The report notes that environmental concerns are much closer to
mainstream politics everywhere today than when they were first addressed
by the Brundtland Commission in its landmark report Our Common
Future two decades ago. But it warns that despite these advances,
problems persist which, if not addressed, may undo progress and
threaten humanitys survival.
Over the past 20 years, the international community has cut,
by 95 per cent, the production of ozone-layer damaging chemicals;
created a greenhouse gas emission reduction treaty along with innovative
carbon trading and carbon offset markets; supported a rise in terrestrial
protected areas to cover roughly 12 per cent of the Earth and devised
numerous important instruments covering issues from biodiversity
and desertification to the trade in hazardous wastes and living
modified organisms, Mr. Steiner noted.
At the same time, persistent problems include the decline of fish
stocks; loss of fertile land through degradation; unsustainable
pressure on resources; dwindling amount of fresh water; and risk
that environmental damage could pass unknown points of no
return, UNEP said.
Climate change, the destruction caused by forest fires and floods
and other problems demonstrate the cost of humanity trying
to cope with the scale of environmental impacts, said Mr.
Steiner.
The report acknowledges that technology can help to reduce peoples
vulnerability to environmental stresses, but says there is sometimes
a need to correct the technology-centred development paradigm.

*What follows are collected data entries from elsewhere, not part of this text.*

(* Minimal points exist below every point of a closed set (Zorn's lemma,
   chains being bounded below by compactness), so a clopen upset U meets the
   spatial part Y in a compact set exactly when all minimal points of U are
   spatial: a cover of U `&` Y by traces of clopen upsets then covers U, while
   a non-spatial minimal point m of U would, by density of Y, lie in a finite
   union of clopen upsets avoiding m.  Hence the compact opens of Y are the
   traces of clopen Scott upsets, and they form a basis iff core U is dense in
   every clopen upset U.  Sobriety holds regardless: for an irreducible closed
   Y `\` U, the clopen upsets not contained in U form a directed family, so by
   compactness some x outside U lies in all of them; then down x is the
   complement of U, and Y `\` U is the closure of x. *)

From Pilot Require Import Defs.
From mathcomp Require Import all_boot all_order.
From mathcomp Require Import all_classical topology.
Import Defs. (* so that [down] is Defs.down, not classical_sets.down *)
Set Implicit Arguments. Unset Strict Implicit. Unset Printing Implicit Defensive.
Local Open Scope classical_set_scope.

Lemma dense_subset_closed (X : topologicalType) (Y U C : set X) :
  dense Y -> open U -> closed C -> U `&` Y `<=` C -> U `<=` C.
Proof.
move=> dY oU cC UYC x Ux; apply: contrapT => nCx.
have [y [[Uy nCy] Yy]] :=
  dY _ (ex_intro _ x (conj Ux nCx)) (openI oU (closed_openC cC)).
exact/nCy/UYC.
Qed.

Lemma compact_directed_bigcap (X : topologicalType) (K : set X)
    (F : set (set X)) :
  compact K -> (forall A, F A -> closed A) -> F !=set0 ->
  (forall A B, F A -> F B -> exists2 C, F C & C `<=` A `&` B) ->
  (forall A, F A -> A `&` K !=set0) -> \bigcap_(A in F) A `&` K !=set0.
Proof.
move=> cK cF [A0 FA0] dirF FK.
pose G := filter_from F (fun A => A `&` K).
have PG : ProperFilter G.
  apply: filter_from_proper FK; apply: filter_from_filter; first by exists A0.
  move=> A B FA FB; have [C FC CAB] := dirF _ _ FA FB.
  by exists C => // x [/CAB[Ax Bx] Kx].
have [|x [Kx Gx]] := cK G PG; first by exists A0 => // x [].
exists x; split=> // A FA; apply: (cF _ FA) => B Bx.
have GAK : G (A `&` K) by exists A.
by have [y [[Ay _] By]] := Gx _ _ GAK Bx; exists y.
Qed.

Lemma compact_finite_subcover (X : topologicalType) (K : set X) (I : Type)
    (f : I -> set X) :
  compact K -> (forall i, open (f i)) -> K `<=` \bigcup_(i in [set: I]) f i ->
  exists2 D : set I, finite_set D & K `<=` \bigcup_(i in D) f i.
Proof.
move=> cK of_ Kf; apply: contrapT => nD.
pose F := [set ~` \bigcup_(i in D) f i | D in [set D : set I | finite_set D]].
have [x [Fx Kx]] : \bigcap_(A in F) A `&` K !=set0.
  apply: (compact_directed_bigcap cK).
  - by move=> _ [D _ <-]; rewrite closedC; apply: bigcup_open => i _; exact: of_.
  - by exists (~` \bigcup_(i in set0) f i), set0 => //; exact: finite_set0.
  - move=> _ _ [D1 fD1 <-] [D2 fD2 <-].
    exists (~` \bigcup_(i in D1 `|` D2) f i).
      by exists (D1 `|` D2) => //; rewrite /= finite_setU.
    by rewrite bigcup_setU setCU.
  - move=> _ [D fD <-]; apply: contrapT => nDK; apply: nD; exists D => // x Kx.
    by apply: contrapT => nx; apply: nDK; exists x.
have [i _ fxi] := Kf x Kx.
have : F (~` \bigcup_(j in [set i]) f j).
  by exists [set i] => //; exact: finite_set1.
by move=> /Fx; rewrite bigcup_set1; apply.
Qed.
Lemma kms_tridiag_eigenvalue mu : rho != 0 -> (0 < n)%N ->
  root (char_tridiag n) mu -> eigenvalue kms_tridiag mu.
Proof.
move=> rho_neq0 n_gt0 root_mu.
pose G k := (char_tridiag k).[mu] * (- rho) ^- k.
have nonzero_denoms k : ((- rho) ^+ k != 0) && (rho != 0).
  by rewrite expf_neq0 ?oppr_eq0 rho_neq0.
have G_next k : (k < n)%N -> (k.+1 < n)%N%:R * G k.+1 = G k.+1.
  move=> kn; case: ltnP => [_ | nk]; first by rewrite mul1r.
  by rewrite (_ : k.+1 = n) ?mul0r /G ?(rootP root_mu) ?mul0r //; lia.
have G_prev k : (0 < k)%N%:R * G k.-1 =
    (rec_poly_pred kms_diag (rho ^+ 2) k).[mu] * (- rho) ^- k * - rho.
  case: k => [|k]; first by rewrite rec_poly_pred0 horner0 !mul0r.
  rewrite rec_poly_predS mul1r /G /= [(- rho) ^+ k.+1]exprS.
  by field; apply: nonzero_denoms.
apply/eigenvalueP; exists (\row_(k < n) G k).
  apply/rowP => k; rewrite !mxE.
  under eq_bigr => l _ do rewrite mxE kms_tridiagC mulrC.
  rewrite kms_tridiag_row G_next // G_prev /G horner_rec_polyS.
  by rewrite [(- rho) ^+ k.+1]exprS; field; apply: nonzero_denoms.
apply/eqP => /rowP /(_ (Ordinal n_gt0)) /eqP.
by rewrite !mxE /G rec_poly0 hornerC expr0 invr1 mulr1 oner_eq0.
Qed.

End KMSInverse.

Theorem proposition6p1 (R : realType) (n : nat) (rho : R) :
  (2 <= n)%N -> rho != -1 -> rho != 0 -> rho != 1 ->
  exists s : seq R,
    [/\ size s = n, uniq s & forall x, x \in s -> eigenvalue (KMS n rho) x].
Proof.
move=> n_ge2 rho_neqN1 rho_neq0 rho_neq1.
have rho2_gt0 : 0 < rho ^+ 2 by rewrite exprn_even_gt0.
have one_sub_rho2_neq0 : 1 - rho ^+ 2 != 0.
  by rewrite subr_eq0 eq_sym sqrf_eq1 negb_or rho_neq1 rho_neqN1.
have [s [size_s uniq_s roots_s]] := rec_poly_uniq_roots (kms_diag n rho) rho2_gt0 n.
exists [seq (1 - rho ^+ 2) / mu | mu <- s]; split.
- by rewrite size_map.
- by rewrite map_inj_uniq // => mu nu /(mulfI one_sub_rho2_neq0)/invr_inj.
move=> _ /mapP[mu mu_s ->].
apply: eigenvalue_scaled_inverse one_sub_rho2_neq0 (kms_tridiag_mulmx n rho) _.
by apply: kms_tridiag_eigenvalue => //; [lia | exact: (allP roots_s)].
Qed.
(* Let $\mathcal{C}$ be a d-category and $f:Y\to X$ a map of $\mathcal{C}$-presheaves. The following are equivalent: (1) $f$ is future open; (2) for every path $\alpha:\mathcal I\to\mathsf{E}X$ and every element $y$ of $Y$ with $\mathsf{E}(f)(y)=\alpha(\bot_{\mathcal I})$ there is a path $\beta:\mathcal I\to\mathsf{E}Y$ with $\beta(\bot_{\mathcal I})=y$ and $\mathsf{E}(f)\circ\beta=\alpha$; (3) for every track object $\Gamma$, every presheaf map $\boldsymbol\alpha:\Gamma\to X$ and every $y\in Y[\mathrm{src}\Gamma]$ with $f(y)=\boldsymbol\alpha(\bot_\Gamma)$ there is a presheaf map $\boldsymbol\beta:\Gamma\to Y$ with $\boldsymbol\beta(\bot_\Gamma)=y$ and $f\circ\boldsymbol\beta=\boldsymbol\alpha$; (4) for all track objects $\Gamma,\Delta$ with $\mathrm{tgt}\Gamma=\mathrm{src}\Delta$, letting $j:\Gamma\to\Gamma*\Delta$ be the canonical map, for all presheaf maps $\boldsymbol\gamma:\Gamma\to Y$ and $\boldsymbol\alpha:\Gamma*\Delta\to X$ with $\boldsymbol\alpha\circ j=f\circ\boldsymbol\gamma$ there is $\boldsymbol\beta:\Gamma*\Delta\to Y$ with $\boldsymbol\beta\circ j=\boldsymbol\gamma$ and $f\circ\boldsymbol\beta=\boldsymbol\alpha$.
   Context: A d-category is a small category $\mathcal{C}$ with wide subcategories $\mathcal{C}^+$ (formorphisms) and $\mathcal{C}^-$ (backmorphisms) such that an invertible $\varphi$ is in $\mathcal{C}^+$ iff $\varphi^{-1}\in\mathcal{C}^-$; d-functors preserve both. A $\mathcal{C}$-presheaf is a functor $X:\mathcal{C}^{op}\to\mathbf{Set}$; $\mathsf{E}X$ is its category of elements (objects $(U,x)$, $x\in X[U]$; morphisms $(V,y)\to(U,x)$ the $\varphi:V\to U$ with $X[\varphi](x)=y$), a d-category where a morphism is a for-/backmorphism iff its image in $\mathcal{C}$ is; $\mathsf{E}(f)(U,y)=(U,f(y))$. A map $f:Y\to X$ is future open if for every $\varphi\in\mathcal{C}^+(V,U)$, $y\in Y[V]$, $x\in X[U]$ with $X[\varphi](x)=f(y)$ there is $\bar y\in Y[U]$ with $Y[\varphi](\bar y)=y$ and $f(\bar y)=x$. A linear category is a bipointed d-category isomorphic to a finite (possibly empty) concatenation (gluing $\top$ to $\bot$) of $\mathbf S$ (formorphism $\bot\to\top$), $\mathbf T$ (backmorphism $\top\to\bot$), $\mathbf I$ (inverse pair); a path in a d-category $\mathcal D$ is a d-functor from a linear category to $\mathcal D$. The track object of a path $\omega:\mathcal I\to\mathcal{C}$ is $\operatorname{colim}_i\mathcal{C}(-,\omega(i))$ with single start element $\bot$ the image of $\mathrm{id}_{\omega(\bot)}$ (over $\mathrm{src}=\omega(\bot)$) and single accept element $\top$ the image of $\mathrm{id}_{\omega(\top)}$ (over $\mathrm{tgt}=\omega(\top)$); a track object is such an object up to isomorphism. For track objects with $\mathrm{tgt}\Gamma=\mathrm{src}\Delta=U$, $\Gamma*\Delta$ is the pushout of $\Gamma\xleftarrow{\top_\Gamma}\mathcal{C}(-,U)\xrightarrow{\bot_\Delta}\Delta$ (elements viewed as maps from representables via Yoneda), with start element from $\Gamma$ and accept from $\Delta$. *)

From Stdlib Require Import ProofIrrelevance.
From mathcomp Require Import all_boot.
From mathcomp Require Import zify.
(* Let $\tau$ be a trace on $\widehat{TL}_3(q)$, let $X=g_{\sigma_2}g_{\sigma_1}g_{a_3}$, $u=g_{\sigma_2}g_{a_3}g_{\sigma_2}^{-1}$, and let $r\le s$ be positive integers. Then there exist an integer $0\le h\le s$, elements $c_0,\dots,c_h\in B$ and finitely many Markov elements $M_i$ such that $$\tau\Big(g_{a_3}\,u\,(g_{\sigma_1}u)^{s}\,g_{a_3}\,(g_{\sigma_1}u)^{r}\Big)=\tau\Big(\sum_{j=0}^{h}c_jX^{j}+\sum_iM_i\Big).$$
   Context: $K$ is an integral domain of characteristic $0$, $q\in K$ invertible and a square, $q+1$ invertible. $\widehat{TL}_3(q)$ is the unital $K$-algebra generated by $g_{\sigma_1},g_{\sigma_2},g_{a_3}$ with relations $g_{\sigma_1}g_{\sigma_2}g_{\sigma_1}=g_{\sigma_2}g_{\sigma_1}g_{\sigma_2}$, $g_{\sigma_i}g_{a_3}g_{\sigma_i}=g_{a_3}g_{\sigma_i}g_{a_3}$ ($i=1,2$), $x^2=(q-1)x+q$ for each generator $x$, and $V(g_{\sigma_1},g_{\sigma_2})=V(g_{\sigma_1},g_{a_3})=V(g_{\sigma_2},g_{a_3})=0$ where $V(x,y)=xyx+xy+yx+x+y+1$. $B$ is the unital subalgebra generated by $g_{\sigma_1}$ and $u$. A Markov element is an element $A\,g_{\sigma_2}^{\epsilon}A'$ with $A,A'\in B$, $\epsilon\in\{0,1\}$. A trace is a $K$-linear map $\tau:\widehat{TL}_3(q)\to K$ with $\tau(xy)=\tau(yx)$. *)

From HB Require Import structures.
From mathcomp Require Import all_boot all_order all_algebra.
Set Implicit Arguments. Unset Strict Implicit. Unset Printing Implicit Defensive.
Import GRing.Theory.
Local Open Scope ring_scope.

Section TL.
Variables (K : idomainType) (A : algType K) (q : K).

Definition Vrel (x y : A) : A := x * y * x + x * y + y * x + x + y + 1.

(* inverse of a generator x satisfying x^2 = (q-1)x + q :
   x^{-1} = q^{-1} (x - (q-1)) *)
Definition ginv (x : A) : A := q^-1 *: (x - (q - 1)%:A).

Inductive in_subalg2 (a b : A) : A -> Prop :=
  | sub_one : in_subalg2 a b 1
  | sub_a : in_subalg2 a b a
  | sub_b : in_subalg2 a b b
  | sub_add x y : in_subalg2 a b x -> in_subalg2 a b y -> in_subalg2 a b (x + y)
  | sub_scale (c : K) x : in_subalg2 a b x -> in_subalg2 a b (c *: x)
  | sub_mul x y : in_subalg2 a b x -> in_subalg2 a b y -> in_subalg2 a b (x * y).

It argues that the future will be largely determined by the decisions
individuals and society make now. Our common future depends
on our actions today, not tomorrow or sometime in the future,
it cautions.
Widely considered the most comprehensive UN report on the environment,
GEO-4 was prepared by some 390 experts and reviewed by more than
1,000 others across the world.
The cost of inaction greatly exceeds the cost of action,
said Olav Kjorven, Director of the UN Development Programme (UNEP)
Bureau for Development Policy, pointing out that local efforts around
the world demonstrate the potential for change.